- **What you have to do**:
From the data below, repeat exactly the lines from the line with "rewrite !Rabs_right by lra. lra." to the line with "destruct (H eps Heps) as [del Hdel].", both included.

- **Extracted material**:
━━━━
(* Let $u:\Sigma\to M$ be a smooth $(j,J)$-holomorphic map and $z_0\in\Sigma$ with $j^ku(z_0)=0$ for some $k\ge 1$. Let $z=s+it$ be a complex coordinate on $\Sigma$ centered at $z_0$ and $(w_1,\dots,w_n)$, $w_m=x_m+\sqrt{-1}y_m$, coordinates on $M$ centered at $p_0=u(z_0)$ with $J\,\partial/\partial x_m|_{p_0}=\partial/\partial y_m|_{p_0}$ and $J\,\partial/\partial y_m|_{p_0}=-\partial/\partial x_m|_{p_0}$ for all $m$. Then $$u(z)=\vec a_{k+1}z^{k+1}+o(|z|^{k+1})$$ for some $\vec a_{k+1}\in T_{p_0}M\cong\mathbb C^n$. Equivalently, $d^{k+1}u(z_0)=\vec a\cdot dz^{\otimes(k+1)}$ with $\vec a\in T_{u(z_0)}M$. In particular the principal jet of $u$ at $z_0$ is holomorphic (lies in $H^{(k+1,0)}_{(z_0,u(z_0))}$), and at every point of $\Sigma$ the ramification degree of $u$ equals its holomorphic ramification degree.
   Context: $(M,J)$ is an almost complex manifold of real dimension $2n$, $(\Sigma,j)$ a Riemann surface. $u$ is $(j,J)$-holomorphic if $J\circ du=du\circ j$. For a smooth map $u$ and $z\in\Sigma$, $j^ku(z)=0$ means that all derivatives of $u$ of orders $1,\dots,k$ vanish at $z$ (in local coordinates; this condition is coordinate independent). When $j^ku(z)=0$, the $(k+1)$-st derivative $d^{k+1}u(z)$ is a well-defined symmetric $(k+1)$-linear map $T_z\Sigma\to T_{u(z)}M$. The space $\mathrm{Sym}^\ell(T_z\Sigma,T_xM)$ of symmetric $\ell$-linear maps splits, relative to $(j_z,J_x)$, into the holomorphic part $H^{(\ell,0)}_{(z,x)}$ (maps that are complex multilinear, i.e. $L(jv_1,v_2,\dots)=J_xL(v_1,v_2,\dots)$), the antiholomorphic part and mixed parts; $\pi^{hol}$ denotes projection onto $H^{(\ell,0)}$. The ramification degree of $u$ at $z$ is the $k$ with $j^ku(z)=0$, $j^{k+1}u(z)\neq0$ (degree $0$ at immersed points), and $j^{k+1}u(z)$ is then called the principal jet. The holomorphic ramification degree is defined the same way using the holomorphic jets $j^\ell_{hol}u(z)=(\pi^{hol}(d^mu(z)))_{m\le\ell}$ instead of $j^\ell u(z)$. *)

From Stdlib Require Import Reals Lra Lia List Factorial.
Open Scope R_scope.

(* Points of R^d are represented as functions nat -> R; only the
   coordinates i < d are meaningful. *)

Definition setc (x : nat -> R) (i : nat) (y : R) : nat -> R :=
  fun j => if Nat.eqb j i then y else x j.

(* Open cube of radius r around 0 in R^d (an open neighbourhood of 0). *)
Definition ball (d : nat) (r : R) (x : nat -> R) : Prop :=
  forall i, (i < d)%nat -> Rabs (x i) < r.

Definition cont_at (d : nat) (f : (nat -> R) -> R) (x : nat -> R) : Prop :=
  forall eps, 0 < eps -> exists delta, 0 < delta /\
    forall y, (forall i, (i < d)%nat -> Rabs (y i - x i) < delta) ->
      Rabs (f y - f x) < eps.

Definition is_partials (d : nat) (U : (nat -> R) -> Prop)
    (f : (nat -> R) -> R) (D : list nat -> (nat -> R) -> R) : Prop :=
  (forall x, U x -> D nil x = f x) /\
  (forall l x i, U x -> (i < d)%nat ->
     derivable_pt_lim (fun y => D l (setc x i y)) (x i) (D (i :: l) x)) /\
  (forall l x, U x -> cont_at d (D l) x).

Definition smooth_on (d : nat) (U : (nat -> R) -> Prop)
    (f : (nat -> R) -> R) : Prop :=
  exists D, is_partials d U f D.

Definition ucomp (u : R -> R -> nat -> R) (i : nat) : (nat -> R) -> R :=
  fun x => u (x 0%nat) (x 1%nat) i.

Definition zerov : nat -> R := fun _ => 0.

Fixpoint rsum (N : nat) (f : nat -> R) : R :=
  match N with O => 0 | S N' => rsum N' f + f N' end.

(* Coordinates on R^{2n}: index 2m is x_m, index 2m+1 is y_m.
   J0 is the standard complex structure: J0 d/dx_m = d/dy_m,
   J0 d/dy_m = - d/dx_m  (J0 i l = entry in row i, column l). *)
Definition J0 (i l : nat) : R :=
  if Nat.eqb (Nat.div2 i) (Nat.div2 l) then
    (if andb (Nat.even l) (negb (Nat.even i)) then 1
     else if andb (negb (Nat.even l)) (Nat.even i) then -1 else 0)
  else 0.

Definition deltaR (i l : nat) : R := if Nat.eqb i l then 1 else 0.

Definition cmul (a b : R * R) : R * R :=
  (fst a * fst b - snd a * snd b, fst a * snd b + snd a * fst b).

Fixpoint cpow (s t : R) (p : nat) : R * R :=
  match p with
  | O => (1, 0)
  | S p' => cmul (cpow s t p') (s, t)
  end.

(* number of occurrences of direction 1 (= d/dt) in a list of directions *)
Definition count_t (l : list nat) : nat := count_occ Nat.eq_dec l 1%nat.

From Stdlib Require Import Reals List Factorial.
From Stdlib Require Import Lra Lia FunctionalExtensionality IndefiniteDescription.
Import ListNotations.
Open Scope R_scope.

(* Each coordinate u_i of u, as a function of
   (s, t), is described by the family G i l of its iterated partial derivatives, indexed by
   the list l of directions (0 = d/ds, 1 = d/dt).

   For any family of continuous partial derivatives we prove
      first-order Taylor, the chain rule along rays, Schwarz' lemma (so a derivative only
      depends on its order and on its number of d/dt), and Taylor's theorem at the origin
      when all derivatives of lower order vanish there.
   2. If the derivatives of order < N of a function vanish at 0 and the function is
      o(|z|^N), its derivatives of order N vanish too: its Taylor term is homogeneous of
      degree N and small, hence zero, and its coefficients are those of a polynomial.
   3. Holomorphy says d/dt u = J(u) d/ds u.  As J(u(z)) = J0 + o(1) and d/ds u = O(|z|^k),
      the defect d/dt u - J0 d/ds u is o(|z|^k); by 2 the derivatives of order k+1 of u at 0
      satisfy the Cauchy-Riemann equations for J0.
   4. By symmetry the (k+1)-jet is given by the numbers Z_q = X_q + i Y_q (q directions d/dt),
      and Cauchy-Riemann gives Z_(q+1) = i Z_q; hence d^(k+1) u(0) = (k+1)! a dz^(k+1), and
      Taylor's theorem gives u(z) = a z^(k+1) + o(|z|^(k+1)).
   Only the value J(p0) = J0 and the continuity of J are used: neither J^2 = -1 nor the
   bound on the image of u plays a role. *)

Lemma mvt_segment (f f' : R -> R) (a b : R) :
  (forall c, Rabs (c - a) <= Rabs (b - a) -> derivable_pt_lim f c (f' c)) ->
  exists c, Rabs (c - a) <= Rabs (b - a) /\ f b - f a = f' c * (b - a).
Proof.
  intros H.
  destruct (Rtotal_order a b) as [Hab|[Hab|Hab]].
  - destruct (MVT_cor2 f f' a b Hab) as [c [Hc1 Hc2]].
    + intros c Hc. apply H. rewrite !Rabs_right by lra. lra.
    + exists c. split; [rewrite !Rabs_right by lra; lra | exact Hc1].
  - subst. exists b. split; [right; reflexivity | ring].
  - destruct (MVT_cor2 f f' b a Hab) as [c [Hc1 Hc2]].
    + intros c Hc. apply H. rewrite !Rabs_left1 by lra. lra.
    + exists c. split; [rewrite !Rabs_left1 by lra; lra | ].
      replace (f b - f a) with (-(f a - f b)) by ring. rewrite Hc1; ring.
Qed.

Lemma derivable_pt_lim_local (f g : R -> R) x l d : 0 < d ->
  (forall y, Rabs (y - x) < d -> f y = g y) ->
  derivable_pt_lim f x l -> derivable_pt_lim g x l.
Proof.
  intros Hd Heq H eps Heps.
  destruct (H eps Heps) as [del Hdel].
  assert (Hm : 0 < Rmin del d) by (apply Rmin_pos; [apply cond_pos|lra]).
  exists (mkposreal _ Hm). intros h Hh0 Hh. simpl in Hh.
  apply Rmin_Rgt in Hh as [Hhdel Hhd].
  rewrite <- (Heq (x+h)), <- (Heq x).
  - apply Hdel; auto.
  - rewrite Rminus_diag, Rabs_R0; lra.
  - replace (x + h - x) with h by ring. exact Hhd.
Qed.

Lemma Rabs_le_eps_zero (a C : R) : 0 <= C ->
  (forall eps, 0 < eps -> Rabs a <= eps * C) -> a = 0.
Proof.
  intros HC H. destruct (Req_dec a 0) as [|Hn]; auto.
  assert (Ha : 0 < Rabs a) by (apply Rabs_pos_lt; auto).
  specialize (H (Rabs a / (2 * (C + 1))) ltac:(apply Rdiv_lt_0_compat; lra)).
  assert (Rabs a / (2 * (C + 1)) * C < Rabs a).
  { apply (Rmult_lt_reg_r (2*(C+1))). lra.
    replace (Rabs a / (2 * (C + 1)) * C * (2 * (C + 1))) with (Rabs a * C) by (field; lra).
    nra. }
  lra.
Qed.

Lemma Rabs_near_lt x c h r : Rabs x + h < r -> Rabs (c - x) <= h -> Rabs c < r.
Proof.
  intros. replace c with (x + (c - x)) by ring.
  pose proof (Rabs_triang x (c - x)). lra.
Qed.

(** * Families of partial derivatives in two variables *)

Definition cont2 (f : R -> R -> R) (s t : R) : Prop :=
  forall eps, 0 < eps -> exists d, 0 < d /\ forall s' t',
    Rabs (s' - s) < d -> Rabs (t' - t) < d -> Rabs (f s' t' - f s t) < eps.

Definition partials2 (r : R) (G : list nat -> R -> R -> R) : Prop :=
  forall l s t, Rabs s < r -> Rabs t < r ->
    derivable_pt_lim (fun y => G l y t) s (G (0%nat :: l) s t) /\
    derivable_pt_lim (fun y => G l s y) t (G (1%nat :: l) s t) /\
    cont2 (G l) s t.

(* The partial derivatives of d/ds G (j = 0) or of d/dt G (j = 1). *)
Definition shift (j : nat) (G : list nat -> R -> R -> R) : list nat -> R -> R -> R :=
  fun l => G (l ++ [j]).

Lemma partials2_shift r G j : partials2 r G -> partials2 r (shift j G).
Proof. intros HG l s t Hs Ht. exact (HG (l ++ [j]) s t Hs Ht). Qed.

Lemma partials2_comb r A B c : partials2 r A -> partials2 r B ->
  partials2 r (fun l s t => A l s t + c * B l s t).
Proof.
  intros HA HB l s t Hs Ht.
  destruct (HA l s t Hs Ht) as [A0 [A1 Ac]].
  destruct (HB l s t Hs Ht) as [B0 [B1 Bc]].
  split; [|split].
  - apply (derivable_pt_lim_plus (fun y => A l y t) (fun y => c * B l y t)); auto.
    apply (derivable_pt_lim_scal (fun y => B l y t)); auto.
  - apply (derivable_pt_lim_plus (fun y => A l s y) (fun y => c * B l s y)); auto.
    apply (derivable_pt_lim_scal (fun y => B l s y)); auto.
  - intros eps Heps.
    assert (Hc : 0 < Rabs c + 1) by (pose proof (Rabs_pos c); lra).
    destruct (Ac (eps/2) ltac:(lra)) as [d1 [Hd1 E1]].
    destruct (Bc (eps/2/(Rabs c + 1))) as [d2 [Hd2 E2]].
    { apply Rdiv_lt_0_compat; lra. }
    exists (Rmin d1 d2). split; [apply Rmin_pos; auto|]. intros s' t' H1 H2.
    apply Rmin_Rgt in H1 as [H1a H1b]; apply Rmin_Rgt in H2 as [H2a H2b].
    specialize (E1 s' t' H1a H2a). specialize (E2 s' t' H1b H2b).
    replace (A l s' t' + c * B l s' t' - (A l s t + c * B l s t)) with
      ((A l s' t' - A l s t) + c * (B l s' t' - B l s t)) by ring.
    eapply Rle_lt_trans; [apply Rabs_triang|]. rewrite Rabs_mult.
    assert (Rabs c * Rabs (B l s' t' - B l s t) <= (Rabs c + 1) * (eps / 2 / (Rabs c + 1)))
      by (apply Rmult_le_compat; try apply Rabs_pos; lra).
    replace ((Rabs c + 1) * (eps / 2 / (Rabs c + 1))) with (eps/2) in H by (field; lra).
    lra.
Qed.

Definition good (l : list nat) := Forall (fun q => (q < 2)%nat) l.

Lemma good_app l j : good l -> (j < 2)%nat -> good (l ++ [j]).
Proof. intros H Hj. apply Forall_app; split; auto. Qed.

Lemma count_t_0 l : count_t (0%nat :: l) = count_t l.
Proof. unfold count_t. apply count_occ_cons_neq. lia. Qed.

Lemma count_t_1 l : count_t (1%nat :: l) = S (count_t l).
Proof. unfold count_t. apply count_occ_cons_eq. reflexivity. Qed.

Lemma count_app0 m : count_t (m ++ [0%nat]) = count_t m.
Proof. unfold count_t. rewrite count_occ_app. simpl. destruct (Nat.eq_dec 0 1); lia. Qed.

Lemma count_app1 m : count_t (m ++ [1%nat]) = S (count_t m).
Proof. unfold count_t. rewrite count_occ_app. simpl. destruct (Nat.eq_dec 1 1); lia. Qed.

Lemma count_le l : good l -> (count_t l <= length l)%nat.
Proof.
  induction l as [|c l IH]; intros Hg; [unfold count_t; simpl; lia|].
  inversion Hg; subst. specialize (IH H2). destruct c as [|[|c]]; try lia.
  - rewrite count_t_0; simpl; lia.
  - rewrite count_t_1; simpl; lia.
Qed.

Definition canon (N q : nat) : list nat := repeat 0%nat (N - q) ++ repeat 1%nat q.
━━━━
- **Answer to the exercise**:
    + intros c Hc. apply H. rewrite !Rabs_right by lra. lra.
    + exists c. split; [rewrite !Rabs_right by lra; lra | exact Hc1].
  - subst. exists b. split; [right; reflexivity | ring].
  - destruct (MVT_cor2 f f' b a Hab) as [c [Hc1 Hc2]].
    + intros c Hc. apply H. rewrite !Rabs_left1 by lra. lra.
    + exists c. split; [rewrite !Rabs_left1 by lra; lra | ].
      replace (f b - f a) with (-(f a - f b)) by ring. rewrite Hc1; ring.
Qed.

Lemma derivable_pt_lim_local (f g : R -> R) x l d : 0 < d ->
  (forall y, Rabs (y - x) < d -> f y = g y) ->
  derivable_pt_lim f x l -> derivable_pt_lim g x l.
Proof.
  intros Hd Heq H eps Heps.
  destruct (H eps Heps) as [del Hdel].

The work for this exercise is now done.